Another key question in GPCR biology is desensitization of the signal transduction process. The desensitization mechanism prevents the receptor from being overactivated under constant exposure to ligands, which can cause damage to the cell. The classical desensitization systems are the GRK/β-arrestin system and the RGS system. Recently, it was reported that when GPCRs are activated, the free Gβγ subunit is recognized by a member of the potassium channel tetramerization domain-containing protein family (KCTD), KCTD5, which then recruits the E3 ubiquitin ligase Cullin-3 to ubiquitinate and degrade Gβγ. This is the first reported desensitization mechanism against Gβγ by ubiquitination and degradation. Compared to other desensitization systems, the biochemical and structural details of specific recognition and degradation of Gβγ by the Cullin-3/KCTD5 E3 ligase system are not yet clear. Therefore, in the second part of this research, the novel desensitization mechanism was explored using the SPA method. Firstly, it was determined that KCTD5 and Gβγ bind in a maximal stoichiometry of 5:5. The complex structure was subsequently resolved at high resolution, providing a detailed explanation of the structural basis of KCTD5 recruiting Gβγ. To overcome the instability issue of the KCTD5/Cullin-3 complex, the structure of the KCTD5 homolog, KCTD7, in complex with Cullin-3 was resolved. Based on the conserved interaction mode, the first Cullin-3/KCTD5/Gβγ E3 ubiquitin ligase/substrate complex model was successfully constructed.

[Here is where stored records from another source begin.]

Lemma gtr0_is_derive_lt (a b : R) : (forall y, a < y < b -> 0 < df y) ->
  forall u v, a <= u -> u < v -> v <= b -> f u < f v.
Proof.
move=> df_gt0 u v au uv vb.
apply: (gtr0_derive1_lt_cc (fun y _ => derivable_f y)) => //.
- by move=> y; rewrite in_itv /= derive1_f; exact: df_gt0.
- by rewrite in_itv /= au (le_trans (ltW uv) vb).
- by rewrite in_itv /= vb (le_trans au (ltW uv)).
Qed.

Lemma ltr0_is_derive_gt (a b : R) : (forall y, a < y < b -> df y < 0) ->
  forall u v, a <= u -> u < v -> v <= b -> f v < f u.
Proof.
move=> df_lt0 u v au uv vb.
apply: (ltr0_derive1_lt_cc (fun y _ => derivable_f y)) => //.
- by move=> y; rewrite in_itv /= derive1_f; exact: df_lt0.
- by rewrite in_itv /= vb (le_trans au (ltW uv)).
- by rewrite in_itv /= au (le_trans (ltW uv) vb).
Qed.

Lemma ge0_of_is_derive_ge0 (b : R) : f 0 = 0 -> (forall y, 0 < y < b -> 0 <= df y) ->
  forall y, 0 <= y -> y <= b -> 0 <= f y.
Proof. by move=> f0 df_ge0 y y0 yb; rewrite -f0; exact: (@ger0_is_derive_le 0 b). Qed.

End DeriveSign.

Lemma is_derive0_gt_exists {R : realType} (f : R -> R) (d v del : R) :
  is_derive (0 : R) 1 f d -> v < d -> 0 < del ->
  exists h : R, [/\ 0 < h, h < del & f 0 + h * v < f h].
Proof.
move=> fd vd del0.
have cv : (fun h : R => h^-1 *: ((f \o shift 0) (h *: 1) - f 0)) @ 0^' --> d.
  have := @ex_derive _ _ _ _ _ _ _ fd; rewrite /derivable => df.
  by have <- : 'D_1 f 0 = d by exact: derive_val.
have [e /= e0 He] := @cvgr_gt R _ _ _ _ d cv v vd.
pose h := Num.min (e / 2) (del / 2).
have h0 : 0 < h by rewrite lt_min !divr_gt0.
have he : h < e by rewrite gt_min ltr_pdivrMr // ltr_pMr // ltr1n.
have hd : h < del by rewrite gt_min orbC ltr_pdivrMr // ltr_pMr // ltr1n.
have hb : ball_ Num.Def.normr 0 e h by rewrite /ball_ /= sub0r normrN gtr0_norm.
have := He h hb; rewrite gt_eqF //= => /(_ isT).
rewrite /GRing.scale /= mulr1 addr0 ltr_pdivlMl // => hq.
by exists h; split => //; rewrite -ltrBrDl.
Qed.

Section DoubleRoot.
Context {R : realType}.
Context {P P1 m : R -> R} {x b : R}.
Hypothesis dP : forall y : R, is_derive y 1 P (P1 y).
Hypothesis dP1 : forall y : R, is_derive y 1 P1 (m y).
Hypothesis m_ndecr : forall u v, 0 <= u -> u <= v -> v <= b -> m u <= m v.
Hypotheses (x_gt0 : 0 < x) (x_lt_b : x < b).
Hypotheses (Px : P x = 0) (P1x : P1 x = 0) (P0_ge0 : 0 <= P 0).

(* If m x < 0 then P' > 0 on [0, x), so P 0 < P x = 0. *)
Let m_root_ge0 : 0 <= m x.
Proof.
rewrite leNgt; apply/negP => mx_lt0.
have P1_gt0 u : 0 <= u -> u < x -> 0 < P1 u.
  move=> u0 ux; rewrite -P1x; apply: (ltr0_is_derive_gt dP1 0 x) => //.
  move=> z /andP[z0 zx]; apply: le_lt_trans mx_lt0.
  by apply: m_ndecr; [exact: ltW | exact: ltW | exact: ltW].
have : P 0 < P x.
  apply: (gtr0_is_derive_lt dP 0 x) => // z /andP[z0 zx].
  by apply: P1_gt0 => //; exact: ltW.
by rewrite Px ltNge P0_ge0.
Qed.

Let ge0_right y : x <= y -> y <= b -> 0 <= P y.
Proof.
move=> xy yb; rewrite -Px; apply: (ger0_is_derive_le dP x b) => // z /andP[xz zb].
rewrite -P1x; apply: (ger0_is_derive_le dP1 x b) => //; try exact: ltW.
move=> w /andP[xw wb]; apply: le_trans m_root_ge0 _.
by apply: m_ndecr => //; exact: ltW.
Qed.

(* Either P' stays nonnegative on [0, y], or P' <= 0 on [y, x]: as m is nondecreasing,
   P' is nonincreasing on [0, x] up to the point where m changes sign. *)
Let ge0_left y : 0 <= y -> y <= x -> 0 <= P y.
Proof.
move=> y0 yx; have m_le u v : y <= u -> u <= v -> v < x -> m u <= m v.
  move=> yu uv vx; apply: m_ndecr => //; first exact: le_trans yu.
  exact: ltW (lt_trans vx x_lt_b).
have [/andP[my P1y]|notA] := boolP ((m y < 0) && (0 <= P1 y)).
  apply: le_trans P0_ge0 _; apply: (ger0_is_derive_le dP 0 y) => // z /andP[z0 zy].
  apply: le_trans P1y _; apply: (ler0_is_derive_ge dP1 0 y) => //; try exact: ltW.
  move=> w /andP[w0 wy]; apply/ltW/le_lt_trans/my.
  apply: m_ndecr; [exact: ltW | exact: ltW | exact: ltW (le_lt_trans yx x_lt_b)].
rewrite -Px; apply: (ler0_is_derive_ge dP y x) => // z /andP[yz zx].
have [mz|mz] := leP 0 (m z).
  rewrite -P1x; apply: (ger0_is_derive_le dP1 z x) => //; try exact: ltW.
  by move=> w /andP[zw wx]; apply: le_trans mz _; apply: m_le => //; exact: ltW.
have P1y : P1 y < 0.
  rewrite ltNge; apply/negP => P1y; move/negP: notA; apply; rewrite P1y andbT.
  by apply: le_lt_trans mz; apply: m_le => //; exact: ltW.
apply/ltW/le_lt_trans/P1y; apply: (ler0_is_derive_ge dP1 y z) => //; try exact: ltW.
move=> w /andP[yw wz]; apply/ltW/le_lt_trans/mz.
by apply: m_le => //; exact: ltW.
Qed.

Lemma ge0_of_double_root y : 0 <= y -> y <= b -> 0 <= P y.
Proof. by move=> y0 yb; have [/ge0_left|/ltW/ge0_right] := leP y x; apply. Qed.

End DoubleRoot.

Section Trigonometry.
Context {R : realType}.
Implicit Types x y u v : R.

Lemma pihalf_gt0 : 0 < pi / 2 :> R.
Proof. by rewrite divr_gt0 // pi_gt0. Qed.

Lemma pihalf_le_pi : pi / 2 <= pi :> R.
Proof. by rewrite ler_pdivrMr // ler_peMr ?ler1n // pi_ge0. Qed.

Lemma ler_sin u v : 0 <= u -> u <= v -> v <= pi / 2 -> sin u <= sin v.
Proof.
move=> u0 uv vp; have Np : - (pi / 2) <= 0 :> R by rewrite oppr_le0 (ltW pihalf_gt0).
rewrite leNgt ltr_sin -?leNgt // in_itv /= ?vp ?(le_trans Np) ?(le_trans u0 uv) //.
exact: le_trans uv vp.
Qed.

Lemma ler_cos u v : 0 <= u -> u <= v -> v <= pi -> cos v <= cos u.
Proof.
move=> u0 uv vp.
by rewrite leNgt ltr_cos -?leNgt // in_itv /= ?u0 ?vp ?(le_trans u0 uv) ?(le_trans uv vp).
Qed.

Lemma cos_gt0_lt_pihalf x : 0 <= x -> x < pi / 2 -> 0 < cos x.
Proof.
move=> x0 xp; apply: cos_gt0_pihalf; rewrite xp andbT.
by rewrite (lt_le_trans _ x0) // oppr_lt0 pihalf_gt0.
Qed.

Lemma mulr_cos_le_sin x : 0 <= x -> x <= pi -> x * cos x <= sin x.
Proof.
move=> x0 xp; rewrite -subr_ge0.
have D (y : R) : is_derive y 1 (fun z => sin z - z * cos z) (y * sin y).
  by apply: is_derive_eq; rewrite /GRing.scale /=; ring.
apply: (ge0_of_is_derive_ge0 D) x0 xp; first by rewrite sin0 mul0r subr0.
move=> y /andP[y0 yp]; rewrite mulr_ge0 ?(ltW y0) // sin_ge0_pi //.
by rewrite (ltW y0) (ltW yp).
Qed.

Lemma sin_le_tangent x y : 0 <= x -> x <= pi -> 0 <= y -> y <= pi ->
  sin y <= sin x + cos x * (y - x).
Proof.
move=> x0 xp y0 yp; rewrite -subr_ge0.
have D (z : R) : is_derive z 1 (fun z => sin x + cos x * (z - x) - sin z) (cos x - cos z).
  by apply: is_derive_eq; rewrite /GRing.scale /=; ring.
have -> : 0 = sin x + cos x * (x - x) - sin x by rewrite subrr mulr0 addr0 subrr.
have [xy|yx] := leP x y.
  apply: (ger0_is_derive_le D x pi) => // z /andP[xz zp].
  by rewrite subr_ge0; apply: ler_cos => //; exact: ltW.
apply: (ler0_is_derive_ge D 0 x) => //; last exact: ltW.
by move=> z /andP[z0 zx]; rewrite subr_le0; apply: ler_cos => //; exact: ltW.
Qed.

Lemma taylor_sin_cos x : 0 <= x ->
  x - x ^+ 3 / 6 <= sin x /\ cos x <= 1 - x ^+ 2 / 2 + x ^+ 4 / 24.
Proof.
move=> x0.
have d1 (y : R) : is_derive y 1 (fun y => y - sin y) (1 - cos y).
  by apply: is_derive_eq; rewrite /GRing.scale /=; ring.
have d2 (y : R) : is_derive y 1 (fun y => cos y - 1 + y ^+ 2 / 2) (y - sin y).
  by apply: is_derive_eq; rewrite /GRing.scale /=; field.
have d3 (y : R) : is_derive y 1 (fun y => sin y - y + y ^+ 3 / 6) (cos y - 1 + y ^+ 2 / 2).
  by apply: is_derive_eq; rewrite /GRing.scale /=; field.
have d4 (y : R) : is_derive y 1 (fun y => 1 - y ^+ 2 / 2 + y ^+ 4 / 24 - cos y)
    (sin y - y + y ^+ 3 / 6).
  by apply: is_derive_eq; rewrite /GRing.scale /=; field.
have sin_le_id y : 0 <= y -> y <= x -> 0 <= y - sin y.
  apply: (ge0_of_is_derive_ge0 d1); first by rewrite sin0 subr0.
  by move=> z _; rewrite subr_ge0 cos_le1.
have cos_ge_taylor2 y : 0 <= y -> y <= x -> 0 <= cos y - 1 + y ^+ 2 / 2.
  apply: (ge0_of_is_derive_ge0 d2); first by rewrite cos0 subrr expr0n mul0r addr0.
  by move=> z /andP[z0 zx]; apply: sin_le_id; exact: ltW.
have sin_ge_taylor3 y : 0 <= y -> y <= x -> 0 <= sin y - y + y ^+ 3 / 6.
  apply: (ge0_of_is_derive_ge0 d3); first by rewrite sin0 subrr expr0n mul0r addr0.
  by move=> z /andP[z0 zx]; apply: cos_ge_taylor2; exact: ltW.
have cos_le_taylor4 y : 0 <= y -> y <= x -> 0 <= 1 - y ^+ 2 / 2 + y ^+ 4 / 24 - cos y.
  apply: (ge0_of_is_derive_ge0 d4).
    by rewrite cos0 !expr0n !mul0r subr0 addr0 subrr.
  by move=> z /andP[z0 zx]; apply: sin_ge_taylor3; exact: ltW.
have := sin_ge_taylor3 x x0 (lexx x); have := cos_le_taylor4 x x0 (lexx x).
split; lra.
Qed.
(* Let $G=(V,E)$ be an $n$-vertex finite simple undirected graph with distinct vertex IDs, whose neighborhood independence is bounded by a constant $c$, and let $K$ be a positive integer with $\delta(G)\ge K$. Using the procedure Efficient-VM with parameter $K$, each active vertex increases its virtual memory by a factor $K$: in the round in which its color class is active, it has exclusive use of the memories of the $K$ neighbors it selected. The computation requires $O(\log^* n + K^4)$ rounds.
   Context: $\Gamma(v)$ is the neighbor set of $v$, $\deg(v)=|\Gamma(v)|$, $\delta(G)=\min_v\deg(v)$. The neighborhood independence of $G$ is the maximum over $v$ of the size of an independent set contained in $\Gamma(v)$. Model: synchronous CONGEST model ($O(\log n)$-bit messages per edge per round). Operation $K$-Next-Modulo$(v,\Gamma(v),K)$: list $\Gamma(v)\cup\{v\}$ in ascending ID order as $u_1,\dots,u_d$ ($d=\deg(v)+1$) with $v=u_i$; $v$ selects $u_{i+1},\dots,u_{i+K}$, indices cyclic modulo $d$. Procedure Efficient-VM$(G,K)$: (1) every vertex selects its $K$ neighbors by $K$-Next-Modulo (one round); let $G'=(V,E')$ with $E'$ the set of edges $\{v,u\}$ such that $v$ selected $u$, and $\Delta'$ its maximum degree; (2) compute a 2-hop coloring of $G'$ (vertices at distance at most $2$ in $G'$ get distinct colors) with Linial's algorithm on $G'^2$ ($O(\Delta'^4)$ colors, $\log^* n+O(1)$ rounds); (3) process the color classes one per round in round-robin order; in the round of a class, exactly its vertices are active and each distributes its backup data to the $K$ vertices it selected. *)

From mathcomp Require Import all_boot.
Set Implicit Arguments. Unset Strict Implicit. Unset Printing Implicit Defensive.

Section Defs.
Variable T : finType.
Variable e : rel T.
Variable id : T -> nat.

Definition simple_graph := symmetric e /\ irreflexive e.

Definition nbhd (v : T) : {set T} := [set u | e v u].
Definition deg (v : T) : nat := #|nbhd v|.

Definition independent (S : {set T}) : Prop :=
  forall x y, x \in S -> y \in S -> ~~ e x y.

Definition nbhd_indep_le (c : nat) : Prop :=
  forall v (S : {set T}), S \subset nbhd v -> independent S -> #|S| <= c.

Definition id_sorted_closed_nbhd (v : T) : seq T :=
  sort [rel x y | id x <= id y] (enum (v |: nbhd v)).

(* K-Next-Modulo(v, Gamma(v), K): with v = u_i, select u_{i+1}, ..., u_{i+K},
   indices taken cyclically modulo d (0-based here). *)
Definition next_modulo (K : nat) (v : T) : {set T} :=
  let s := id_sorted_closed_nbhd v in
  let d := size s in
  let i := index v s in
  [set u | [exists j : 'I_K, u == nth v s ((i + j.+1) %% d)]].

(* G' = (V, E'), {v,u} in E' iff v selected u (or u selected v) *)
Definition sel_edge (K : nat) : rel T :=
  [rel v u | (u \in next_modulo K v) || (v \in next_modulo K u)].

Definition sel_maxdeg (K : nat) : nat :=
  \max_(v : T) #|[set u | sel_edge K v u]|.

Definition two_hop_coloring (K : nat) (col : T -> nat) : Prop :=
  forall v w, v != w ->
    (sel_edge K v w || [exists x, sel_edge K v x && sel_edge K x w]) ->
    col v != col w.

(* number of color classes (= rounds of step (3), one class per round) *)
Definition num_colors (col : T -> nat) : nat := size (undup [seq col v | v <- enum T]).

End Defs.

Fixpoint log_star_rec (fuel n : nat) : nat :=
  match fuel with
  | 0 => 0
  | f.+1 => if n <= 1 then 0 else (log_star_rec f (trunc_log 2 n)).+1
  end.
Definition log_star (n : nat) : nat := log_star_rec n n.

(* The K selections of a vertex v are its next K neighbours in the cyclic ID
   order of Gamma(v) u {v}; they are distinct neighbours since deg v >= K.
   Two vertices of one colour class are at distance > 2 in G', so their
   selections are disjoint and neither selects the other.  The heart is the
   bound Delta' <= (c + 1) K: v selects K vertices, and the vertices selecting
   v lie in Gamma(v), so their independence number is at most c; ordered
   cyclically from v, each of them has fewer than K later neighbours among
   them (all of these lie strictly between it and v in its own cyclic order,
   and v is among its next K), and a greedy argument
   bounds them by c K.  Linial's algorithm then uses A ((c + 1) K)^4 colours. *)

From mathcomp Require Import all_boot zify.
Set Implicit Arguments. Unset Strict Implicit. Unset Printing Implicit Defensive.

Section ForwardDegree.
Variables (T : finType) (e : rel T).
Hypotheses (e_sym : symmetric e) (e_irr : irreflexive e).

Lemma independentU1 x (Y : {set T}) : independent e Y ->
  (forall y, y \in Y -> ~~ e x y) -> independent e (x |: Y).
Proof.
move=> indY xY a b; rewrite !inE => /predU1P[-> | aY] /predU1P[-> | bY].
- by rewrite e_irr.
- exact: xY.
- by rewrite e_sym xY.
- exact: indY.
Qed.

Lemma card_le_indep_fwd_deg (key : T -> nat) c K (X : {set T}) :
  {in X &, injective key} ->
  (forall Y : {set T}, Y \subset X -> independent e Y -> #|Y| <= c) ->
  (forall x, x \in X -> #|[set y in X | e x y & key x < key y]| < K) ->
  #|X| <= c * K.
Proof.
elim: c X => [|c IH] X key_inj indepX fwdX;
  case: (set_0Vmem X) => [-> | [x0 x0X]]; rewrite ?cards0 //.
  suff : #|[set x0]| <= 0 by rewrite cards1.
  apply: indepX; first by rewrite sub1set.
  by move=> a b; rewrite !inE => /eqP-> /eqP->; rewrite e_irr.
(* Removing the key-minimal x with its neighbours costs at most K vertices and
   lowers the independence number. *)
pose x := [arg min_(y < x0 in X) key y].
have [xX x_min] : x \in X /\ forall y, y \in X -> key x <= key y.
  by rewrite /x; case: arg_minnP.
pose N := x |: [set y in X | e x y].
have cardN : #|N| <= K.
  rewrite cardsU1 inE e_irr andbF add1n.
  apply: leq_trans (fwdX x xX); apply: subset_leq_card; apply/subsetP => y.
  rewrite !inE => /andP[yX xy]; rewrite yX xy ltn_neqAle x_min // andbT /=.
  by apply: contraTneq xy => /key_inj -> //; rewrite e_irr.
have cardXN : #|X :\: N| <= c * K.
  apply: IH => [y z /setDP[yX _] /setDP[zX _]|Y YXN indY|y /setDP[yX _]].
  - exact: key_inj.
  - have xY : x \notin Y by apply/negP => /(subsetP YXN); rewrite !inE eqxx.
    have /indepX : x |: Y \subset X.
      by rewrite subUset sub1set xX (subset_trans YXN) ?subsetDl.
    rewrite cardsU1 xY add1n ltnS; apply.
    apply: independentU1 => // y /(subsetP YXN); rewrite !inE.
    by case: (y \in X); case: (e x y); rewrite ?orbT ?andbF.
  - apply: leq_ltn_trans (fwdX y yX); apply: subset_leq_card; apply/subsetP => z.
    by rewrite !inE => /andP[/andP[_ zX] ->]; rewrite zX.
rewrite -(cardsID N X) mulSn leq_add //.
exact: leq_trans (subset_leq_card (subsetIr X N)) cardN.
Qed.

End ForwardDegree.

Definition cyc_between (a b x : nat) : bool :=
  if a < b then (a < x) && (x < b) else (a < x) || (x < b).

Lemma cyc_between_rot a b x : a != b -> b != x -> x != a ->
  cyc_between a b x = cyc_between x a b.
Proof.
rewrite /cyc_between => /eqP ab /eqP bx /eqP xa.
by case: (ltngtP a b); case: (ltngtP a x); case: (ltngtP x b); lia.
Qed.

Section CyclicIdOrder.
Variables (T : finType) (e : rel T) (id : T -> nat).
Hypotheses (e_irr : irreflexive e) (id_inj : injective id).

Local Notation s v := (id_sorted_closed_nbhd e id v).

Lemma mem_id_sorted_closed_nbhd v x : (x \in s v) = (x \in v |: nbhd e v).
Proof. by rewrite mem_sort mem_enum. Qed.

Lemma uniq_id_sorted_closed_nbhd v : uniq (s v).
Proof. by rewrite sort_uniq enum_uniq. Qed.

Lemma size_id_sorted_closed_nbhd v : size (s v) = (deg e v).+1.
Proof. by rewrite size_sort -cardE cardsU1 inE e_irr. Qed.

Lemma ltn_id_index v x y : x \in s v -> y \in s v ->
  (id x < id y) = (index x (s v) < index y (s v)).
Proof.
move=> xs ys.
have : sorted ltn (map id (s v)).
  rewrite ltn_sorted_uniq_leq map_inj_uniq ?uniq_id_sorted_closed_nbhd //.
  by rewrite sorted_map; apply: sort_sorted => a b; apply: leq_total.
rewrite sorted_map => /(sorted_ltn_index (fun a b c => @ltn_trans (id a) (id b) (id c))).
move=> lt_index; case: (ltngtP (index x (s v)) (index y (s v))) => [xy | yx | xy].
- exact: lt_index.
- by apply/negbTE; rewrite -leqNgt ltnW ?lt_index.
- by move/(congr1 (nth x (s v))): xy; rewrite !nth_index // => ->; rewrite ltnn.
Qed.

(* With [s v] = u_1, ..., u_d and v = u_i, [cyc_nth v k] is u_(i+k) (indices
   mod d), and [cyc_index v] is its inverse on [s v]. *)
Definition cyc_nth v k := nth v (s v) ((index v (s v) + k) %% size (s v)).

Definition cyc_index v w :=
  (index w (s v) + size (s v) - index v (s v)) %% size (s v).

Lemma mem_self_id_sorted_closed_nbhd v : v \in s v.
Proof. by rewrite mem_id_sorted_closed_nbhd setU11. Qed.

Lemma cyc_index_self v : cyc_index v v = 0.
Proof. by rewrite /cyc_index addKn modnn. Qed.

Lemma cyc_index_nth v k : k <= deg e v -> cyc_index v (cyc_nth v k) = k.
Proof.
rewrite -ltnS -size_id_sorted_closed_nbhd => k_lt.
have v_lt := index_mem v (s v); rewrite mem_self_id_sorted_closed_nbhd in v_lt.
rewrite /cyc_index /cyc_nth index_uniq ?ltn_mod ?uniq_id_sorted_closed_nbhd //; last lia.
rewrite -addnBA ?(ltnW v_lt) // modnDml addnAC subnKC ?(ltnW v_lt) //.
by rewrite modnDl modn_small.
Qed.

Lemma cyc_nth_index v w : w \in s v -> cyc_nth v (cyc_index v w) = w.
Proof.
move=> ws; have v_lt := index_mem v (s v).
rewrite mem_self_id_sorted_closed_nbhd in v_lt.
rewrite /cyc_nth /cyc_index modnDmr addnBA; last by rewrite ltnW ?ltn_addl.
by rewrite addKn modnDr modn_small ?nth_index ?index_mem.
Qed.

Lemma cyc_nth_mem v k : cyc_nth v k \in s v.
Proof. by rewrite mem_nth // ltn_mod size_id_sorted_closed_nbhd. Qed.

Lemma cyc_indexE v w : w \in s v -> cyc_index v w =
  if index v (s v) <= index w (s v) then index w (s v) - index v (s v)
  else index w (s v) + size (s v) - index v (s v).
Proof.
rewrite -index_mem /cyc_index => w_lt; case: leqP => [vw | wv].
  by rewrite addnC -addnBA // modnDl modn_small // ltn_subLR ?ltn_addl // leq_addl.
rewrite modn_small //; move: (index w _) (index v _) (size _) w_lt wv; lia.
Qed.

Lemma cyc_between_index v u w : u \in s v -> w \in s v -> u != v ->
  cyc_between (id v) (id u) (id w) = (0 < cyc_index v w < cyc_index v u).
Proof.
move=> us ws uv; have vs := mem_self_id_sorted_closed_nbhd v.
have uv_index : index u (s v) != index v (s v).
  by apply: contra uv => /eqP/(congr1 (nth v (s v))); rewrite !nth_index // => ->.
rewrite /cyc_between !(ltn_id_index vs) // (ltn_id_index ws us) !cyc_indexE //.
move: uv_index (index_mem u (s v)) (index_mem w (s v)) (index_mem v (s v)).
rewrite us ws vs; move: (index u _) (index w _) (index v _) (size _) => pu pw i d.
move=> /eqP ? ? ? ?; by do 3 case: ifP => ?; lia.
Qed.

Lemma cyc_index_eq0 v w : w \in s v -> (cyc_index v w == 0) = (w == v).
Proof.
move=> ws; apply/eqP/eqP => [w0 | ->]; last exact: cyc_index_self.
rewrite -(cyc_nth_index ws) w0 -(cyc_index_self v).
by rewrite cyc_nth_index ?mem_self_id_sorted_closed_nbhd.
Qed.

Lemma next_moduloE K v : next_modulo e id K v = [set cyc_nth v j.+1 | j : 'I_K].
Proof.
apply/setP => u; rewrite inE.
by apply/existsP/imsetP => [[j /eqP->] | [j _ ->]]; exists j.
Qed.

Lemma next_modulo_sub_nbhd K v : K <= deg e v -> next_modulo e id K v \subset nbhd e v.
Proof.
move=> K_le; rewrite next_moduloE; apply/subsetP => _ /imsetP[j _ ->].
have := cyc_nth_mem v j.+1; rewrite mem_id_sorted_closed_nbhd => /setU1P[vj|//].
have := cyc_index_nth (leq_trans (ltn_ord j) K_le).
by rewrite vj cyc_index_self.
Qed.

Lemma card_next_modulo K v : K <= deg e v -> #|next_modulo e id K v| = K.
Proof.
move=> K_le; rewrite next_moduloE card_imset ?card_ord //.
move=> j1 j2 /(congr1 (cyc_index v)).
by rewrite !cyc_index_nth ?(leq_trans (ltn_ord _) K_le) // => /succn_inj/val_inj.
Qed.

In summary, this study used the SPA method to investigate two major questions in GPCR biology. Through a combination of biochemical and molecular biology methods, we described the basis and details of GALRs activation and specific coupling to G proteins, providing detailed references for potential agonist and antagonist design and a deeper understanding of the G protein selectivity of various GPCRs. Further, this study described the structural basis of KCTD5 as an adaptor protein that recruits Cullin-3 and activates Gβγ, and for the first time, systematically reported the complex structure of Cullin-3/KCTD family E3 ligase in complex with substrates. Additionally, solvation of the structure of KCTD7, the pathogenic gene for Progressive myoclonic epilepsy, helps us expand our understanding of the structural diversity of the KCTD family. These findings provide a detailed reference for further understanding and studying the physiological and pathological mechanisms of the KCTD family.